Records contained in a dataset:
(* Let $X\subset\mathcal M=\mathbb R^4$ be a timelike straight line. Let $\mathtt{Aut}^{\rm c}_X$ be the subgroup of $\mathtt{Aut}^{\rm c}$ consisting of those $f$ with $f(X)=X$. Let $S$ be a non-trivial $\mathtt{Aut}^{\rm c}_X$-invariant equivalence relation on $\mathcal M$. Suppose there exist $p\in X$ and $q\notin X$ with $S(p,q)$. Then $S$ is standard Einstein simultaneity relative to $X$: for all $r,s\in\mathcal M$, $S(r,s)$ holds iff $\eta(s-r,u)=0$, where $u$ is a direction vector of $X$. Equivalently, the equivalence classes are exactly the hyperplanes Minkowski-orthogonal to $X$.
   Context: Spacetime is $\mathcal M=\mathbb R^4$, with points $(t,\vec x)$, equipped with the Minkowski bilinear form $\eta(x,y)=x^0y^0-x^1y^1-x^2y^2-x^3y^3$. A straight line is timelike if its direction vector $u$ satisfies $\eta(u,u)>0$. $\mathtt{Aut}^{\rm c}$ (the causal automorphism group) is the group of all bijections $f$ of $\mathbb R^4$ such that, for all $p,q$, $\eta(p-q,p-q)\ge0$ iff $\eta(f(p)-f(q),f(p)-f(q))\ge0$. Equivalently (a result of Alexandrov), $\mathtt{Aut}^{\rm c}$ is the group generated by: - the maps $p\mapsto Lp+a$ with $a\in\mathbb R^4$ and $L$ a real $4\times4$ matrix with $L\eta L^{\top}=\eta$, $\det L=1$, $L^0{}_0\ge1$; - the time reflection $(t,\vec x)\mapsto(-t,\vec x)$; - the space reflection $(t,\vec x)\mapsto(t,-\vec x)$; - the dilatations $p\mapsto\lambda p$ with $\lambda>0$. An equivalence relation $S$ is $G$-invariant if $S(p,q)\Leftrightarrow S(g\cdot p,g\cdot q)$ for all $g\in G$ and all $p,q$. It is non-trivial if it is neither the one-class relation nor the equality relation. *)

From Stdlib Require Import Reals.
Open Scope R_scope.

(* Points of Minkowski space M = R^4, coordinates (t, x1, x2, x3). *)
Record pt := mkpt { c0 : R; c1 : R; c2 : R; c3 : R }.

Definition padd (p q : pt) : pt :=
  mkpt (c0 p + c0 q) (c1 p + c1 q) (c2 p + c2 q) (c3 p + c3 q).
Definition psub (p q : pt) : pt :=
  mkpt (c0 p - c0 q) (c1 p - c1 q) (c2 p - c2 q) (c3 p - c3 q).
Definition pscale (k : R) (p : pt) : pt :=
  mkpt (k * c0 p) (k * c1 p) (k * c2 p) (k * c3 p).

Definition eta (x y : pt) : R :=
  c0 x * c0 y - c1 x * c1 y - c2 x * c2 y - c3 x * c3 y.

Definition causal (p q : pt) : Prop := eta (psub p q) (psub p q) >= 0.

Definition bijective_map (f : pt -> pt) : Prop :=
  (forall x y, f x = f y -> x = y) /\ (forall y, exists x, f x = y).

Definition AutC (f : pt -> pt) : Prop :=
  bijective_map f /\ (forall p q, causal p q <-> causal (f p) (f q)).

Definition line (a u : pt) : pt -> Prop :=
  fun p => exists t : R, p = padd a (pscale t u).

Definition timelike (u : pt) : Prop := eta u u > 0.

Definition maps_onto_itself (f : pt -> pt) (X : pt -> Prop) : Prop :=
  (forall p, X p -> X (f p)) /\ (forall q, X q -> exists p, X p /\ f p = q).

Definition AutC_X (X : pt -> Prop) (f : pt -> pt) : Prop :=
  AutC f /\ maps_onto_itself f X.

Definition equivalence_rel (S : pt -> pt -> Prop) : Prop :=
  (forall p, S p p) /\ (forall p q, S p q -> S q p) /\
  (forall p q r, S p q -> S q r -> S p r).

Definition invariant (G : (pt -> pt) -> Prop) (S : pt -> pt -> Prop) : Prop :=
  forall g, G g -> forall p q, S p q <-> S (g p) (g q).

Definition nontrivial (S : pt -> pt -> Prop) : Prop :=
  ~ (forall p q, S p q) /\ ~ (forall p q, S p q <-> p = q).

(* Aut^c_X contains the dilatations centred on X, the translations along X,
   the reflection in the hyperplane through a point of X orthogonal to X, and
   the reflections in the timelike hyperplanes containing X.  The dilatations
   act transitively on X minus their centre, so an S-class containing two
   points of X contains all of X.  The time reflection at the foot c of q fixes
   q and moves p (unless p = c), hence S c q.  Positive dilatations at c and
   the reflections containing X act transitively on the nonzero vectors of the
   spacelike hyperplane orthogonal to X, and translations along X move c, so
   every point is S-related to its foot on X.  Consequently S-related points
   have the same foot, for otherwise S would have a single class. *)

From Stdlib Require Import Reals Lra Psatz Classical.
Open Scope R_scope.

Definition pzero : pt := mkpt 0 0 0 0.

Lemma pt_ext (x y : pt) :
  c0 x = c0 y -> c1 x = c1 y -> c2 x = c2 y -> c3 x = c3 y -> x = y.
Proof. destruct x, y; simpl; intros; subst; reflexivity. Qed.

(* Only for goals without section variables of type [pt]: [destruct] cannot
   clear those, so the [repeat] would never stop. *)
Ltac expand_pts :=
  repeat match goal with p : pt |- _ => destruct p end;
  unfold pzero, eta, psub, padd, pscale in *; simpl in *.

Lemma padd_psub (c r : pt) : padd c (psub r c) = r.
Proof. expand_pts; apply pt_ext; simpl; ring. Qed.

Lemma padd_pzero (c : pt) : padd c pzero = c.
Proof. expand_pts; apply pt_ext; simpl; ring. Qed.

Lemma psub_eq0 (x y : pt) : psub x y = pzero -> x = y.
Proof. expand_pts; intros h; injection h; intros; apply pt_ext; simpl; lra. Qed.

Lemma eta_psub_l (x y z : pt) : eta (psub x y) z = eta x z - eta y z.
Proof. expand_pts; ring. Qed.

Lemma eta_pscale_l (k : R) (x z : pt) : eta (pscale k x) z = k * eta x z.
Proof. expand_pts; ring. Qed.

Lemma eta_psub_diag (x y : pt) : eta (psub x x) y = 0.
Proof. expand_pts; ring. Qed.

Lemma eta_sym (x y : pt) : eta x y = eta y x.
Proof. expand_pts; ring. Qed.

Lemma eta_pscale (k : R) (x : pt) : eta (pscale k x) (pscale k x) = k * k * eta x x.
Proof. expand_pts; ring. Qed.

Lemma line_psub (a u : pt) (t s : R) :
  psub (padd a (pscale t u)) (padd a (pscale s u)) = pscale (t - s) u.
Proof. expand_pts; apply pt_ext; simpl; ring. Qed.

Lemma line_param_inj (a u : pt) (t s : R) : eta u u <> 0 ->
  padd a (pscale t u) = padd a (pscale s u) -> t = s.
Proof.
  intros Hu E.
  assert (H : eta (psub (padd a (pscale t u)) (padd a (pscale s u))) u = 0)
    by (rewrite E; apply eta_psub_diag).
  rewrite line_psub, eta_pscale_l in H. nra.
Qed.

Lemma cauchy_schwarz3 (x1 x2 x3 y1 y2 y3 : R) :
  (x1 * y1 + x2 * y2 + x3 * y3) ^ 2 <=
  (x1 ^ 2 + x2 ^ 2 + x3 ^ 2) * (y1 ^ 2 + y2 ^ 2 + y3 ^ 2).
Proof.
  assert (0 <= (x1 * y2 - x2 * y1) ^ 2 + (x1 * y3 - x3 * y1) ^ 2 + (x2 * y3 - x3 * y2) ^ 2)
    by (repeat apply Rplus_le_le_0_compat; apply pow2_ge_0).
  nra.
Qed.

Lemma eta_perp_timelike_lt0 (x u : pt) :
  timelike u -> eta x u = 0 -> x <> pzero -> eta x x < 0.
Proof.
  unfold timelike; intros Hu Hx Hx0.
  destruct (Rlt_le_dec (eta x x) 0) as [|Hxx]; [assumption | exfalso; apply Hx0].
  destruct x as [x0 x1 x2 x3], u as [u0 u1 u2 u3]; unfold pzero, eta in *; simpl in *.
  pose proof (cauchy_schwarz3 x1 x2 x3 u1 u2 u3) as CS.
  replace (x1 * u1 + x2 * u2 + x3 * u3) with (x0 * u0) in CS by lra.
  assert (x0 = 0).
  { destruct (Req_dec x0 0) as [|Hx00]; [assumption | exfalso].
    assert (0 < x0 ^ 2) by (simpl; nra).
    assert (0 <= u1 ^ 2 + u2 ^ 2 + u3 ^ 2) by nra.
    nra. }
  subst x0.
  assert (x1 = 0) by nra. assert (x2 = 0) by nra. assert (x3 = 0) by nra.
  subst; reflexivity.
Qed.

Definition dilation (c : pt) (l : R) (z : pt) : pt := padd c (pscale l (psub z c)).
Definition translation (v z : pt) : pt := padd z v.
Definition reflection (c n z : pt) : pt :=
  psub z (pscale (2 * eta (psub z c) n / eta n n) n).

Lemma dilationK (c : pt) (l : R) (z : pt) : l <> 0 -> dilation c l (dilation c (/ l) z) = z.
Proof. intros. unfold dilation; expand_pts; apply pt_ext; simpl; field; auto. Qed.

Lemma dilation_eta (c : pt) (l : R) (p q : pt) :
  eta (psub (dilation c l p) (dilation c l q)) (psub (dilation c l p) (dilation c l q))
  = l * l * eta (psub p q) (psub p q).
Proof. unfold dilation; expand_pts; ring. Qed.

Lemma dilation_center (c : pt) (l : R) : dilation c l c = c.
Proof. unfold dilation; expand_pts; apply pt_ext; simpl; ring. Qed.

Lemma dilation_padd (c w : pt) (l : R) : dilation c l (padd c w) = padd c (pscale l w).
Proof. unfold dilation; expand_pts; apply pt_ext; simpl; ring. Qed.

Lemma dilation_on_line (a u : pt) (s t l : R) :
  dilation (padd a (pscale s u)) l (padd a (pscale t u)) = padd a (pscale (s + l * (t - s)) u).
Proof. unfold dilation; expand_pts; apply pt_ext; simpl; ring. Qed.

Lemma translationK (s : R) (v z : pt) :
  translation (pscale s v) (translation (pscale (- s) v) z) = z.
Proof. unfold translation; expand_pts; apply pt_ext; simpl; ring. Qed.

Lemma translation_eta (v p q : pt) :
  eta (psub (translation v p) (translation v q)) (psub (translation v p) (translation v q))
  = 1 * eta (psub p q) (psub p q).
Proof. unfold translation; expand_pts; ring. Qed.

Lemma translation_padd (v c w : pt) : translation v (padd c w) = padd (translation v c) w.
Proof. unfold translation; expand_pts; apply pt_ext; simpl; ring. Qed.

Lemma translation_on_line (a u : pt) (s t : R) :
  translation (pscale s u) (padd a (pscale t u)) = padd a (pscale (t + s) u).
Proof. unfold translation; expand_pts; apply pt_ext; simpl; ring. Qed.

Lemma reflectionK (c n z : pt) : eta n n <> 0 -> reflection c n (reflection c n z) = z.
Proof. intros. unfold reflection; expand_pts; apply pt_ext; simpl; field; auto. Qed.

Lemma reflection_eta (c n p q : pt) : eta n n <> 0 ->
  eta (psub (reflection c n p) (reflection c n q)) (psub (reflection c n p) (reflection c n q))
  = 1 * eta (psub p q) (psub p q).
Proof. intros. unfold reflection; expand_pts; field; auto. Qed.

Lemma reflection_fix (c n z : pt) : eta (psub z c) n = 0 -> reflection c n z = z.
Proof.
  intros H. unfold reflection. rewrite H, Rmult_0_r, Rdiv_0_l.
  expand_pts; apply pt_ext; simpl; ring.
Qed.

Lemma reflection_on_line (a u : pt) (s t : R) : eta u u <> 0 ->
  reflection (padd a (pscale s u)) u (padd a (pscale t u)) = padd a (pscale (2 * s - t) u).
Proof. intros. unfold reflection; expand_pts; apply pt_ext; simpl; field; auto. Qed.

Lemma reflection_swap (c w v : pt) :
  eta w w = eta v v -> eta (psub w v) (psub w v) <> 0 ->
  reflection c (psub w v) (padd c w) = padd c v.
Proof.
  intros E N. unfold reflection.
  replace (2 * eta (psub (padd c w) c) (psub w v) / eta (psub w v) (psub w v)) with 1.
  - expand_pts; apply pt_ext; simpl; ring.
  - assert (2 * eta (psub (padd c w) c) (psub w v) = eta (psub w v) (psub w v))
      by (revert E; expand_pts; intros; nra).
    field_simplify_eq; auto.
Qed.

Lemma AutC_X_of_similarity (X : pt -> Prop) (f g : pt -> pt) (k : R) : 0 < k ->
  (forall z, f (g z) = z) -> (forall z, g (f z) = z) ->
  (forall p q, eta (psub (f p) (f q)) (psub (f p) (f q)) = k * eta (psub p q) (psub p q)) ->
  (forall p, X p -> X (f p)) -> (forall p, X p -> X (g p)) ->
  AutC_X X f.
Proof.
  intros Hk fK gK Hf fX gX. split; [split|split].
  - split.
    + intros x y E. rewrite <- (gK x), <- (gK y), E; reflexivity.
    + intros y; exists (g y); auto.
  - intros p q; unfold causal; rewrite Hf; split; intros; nra.
  - exact fX.
  - intros q Hq; exists (g q); auto.
Qed.

Section LineSymmetries.
Variables a u : pt.

Lemma dilation_line (c z : pt) (l : R) :
  line a u c -> line a u z -> line a u (dilation c l z).
Proof. intros [s ->] [t ->]. rewrite dilation_on_line. eexists; reflexivity. Qed.

Lemma dilation_AutC_X (c : pt) (l : R) : line a u c -> l <> 0 -> AutC_X (line a u) (dilation c l).
Proof.
  intros Hc Hl. apply (AutC_X_of_similarity _ _ (dilation c (/ l)) (l * l)).
  - nra.
  - intros; apply dilationK; auto.
  - intros z. rewrite <- (Rinv_inv l) at 2. apply dilationK, Rinv_neq_0_compat, Hl.
  - apply dilation_eta.
  - intros; apply dilation_line; auto.
  - intros; apply dilation_line; auto.
Qed.

Lemma translation_AutC_X (s : R) : AutC_X (line a u) (translation (pscale s u)).
Proof.
  apply (AutC_X_of_similarity _ _ (translation (pscale (- s) u)) 1).
  - lra.
  - intros; apply translationK.
  - intros z. rewrite <- (Ropp_involutive s) at 2. apply translationK.
  - apply translation_eta.
  - intros p [t ->]. rewrite translation_on_line. eexists; reflexivity.
  - intros p [t ->]. rewrite translation_on_line. eexists; reflexivity.
Qed.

**BRIEF**
Begin with the line containing "- intros p q;" and retype it and each line after it through the end of the records, keeping them exact and including nothing more.

**TASK RESPONSE**
  - intros p q; unfold causal; rewrite Hf; split; intros; nra.
  - exact fX.
  - intros q Hq; exists (g q); auto.
Qed.

Section LineSymmetries.
Variables a u : pt.

Lemma dilation_line (c z : pt) (l : R) :
  line a u c -> line a u z -> line a u (dilation c l z).
Proof. intros [s ->] [t ->]. rewrite dilation_on_line. eexists; reflexivity. Qed.

Lemma dilation_AutC_X (c : pt) (l : R) : line a u c -> l <> 0 -> AutC_X (line a u) (dilation c l).
Proof.
  intros Hc Hl. apply (AutC_X_of_similarity _ _ (dilation c (/ l)) (l * l)).
  - nra.
  - intros; apply dilationK; auto.
  - intros z. rewrite <- (Rinv_inv l) at 2. apply dilationK, Rinv_neq_0_compat, Hl.
  - apply dilation_eta.
  - intros; apply dilation_line; auto.
  - intros; apply dilation_line; auto.
Qed.

Lemma translation_AutC_X (s : R) : AutC_X (line a u) (translation (pscale s u)).
Proof.
  apply (AutC_X_of_similarity _ _ (translation (pscale (- s) u)) 1).
  - lra.
  - intros; apply translationK.
  - intros z. rewrite <- (Ropp_involutive s) at 2. apply translationK.
  - apply translation_eta.
  - intros p [t ->]. rewrite translation_on_line. eexists; reflexivity.
  - intros p [t ->]. rewrite translation_on_line. eexists; reflexivity.
Qed.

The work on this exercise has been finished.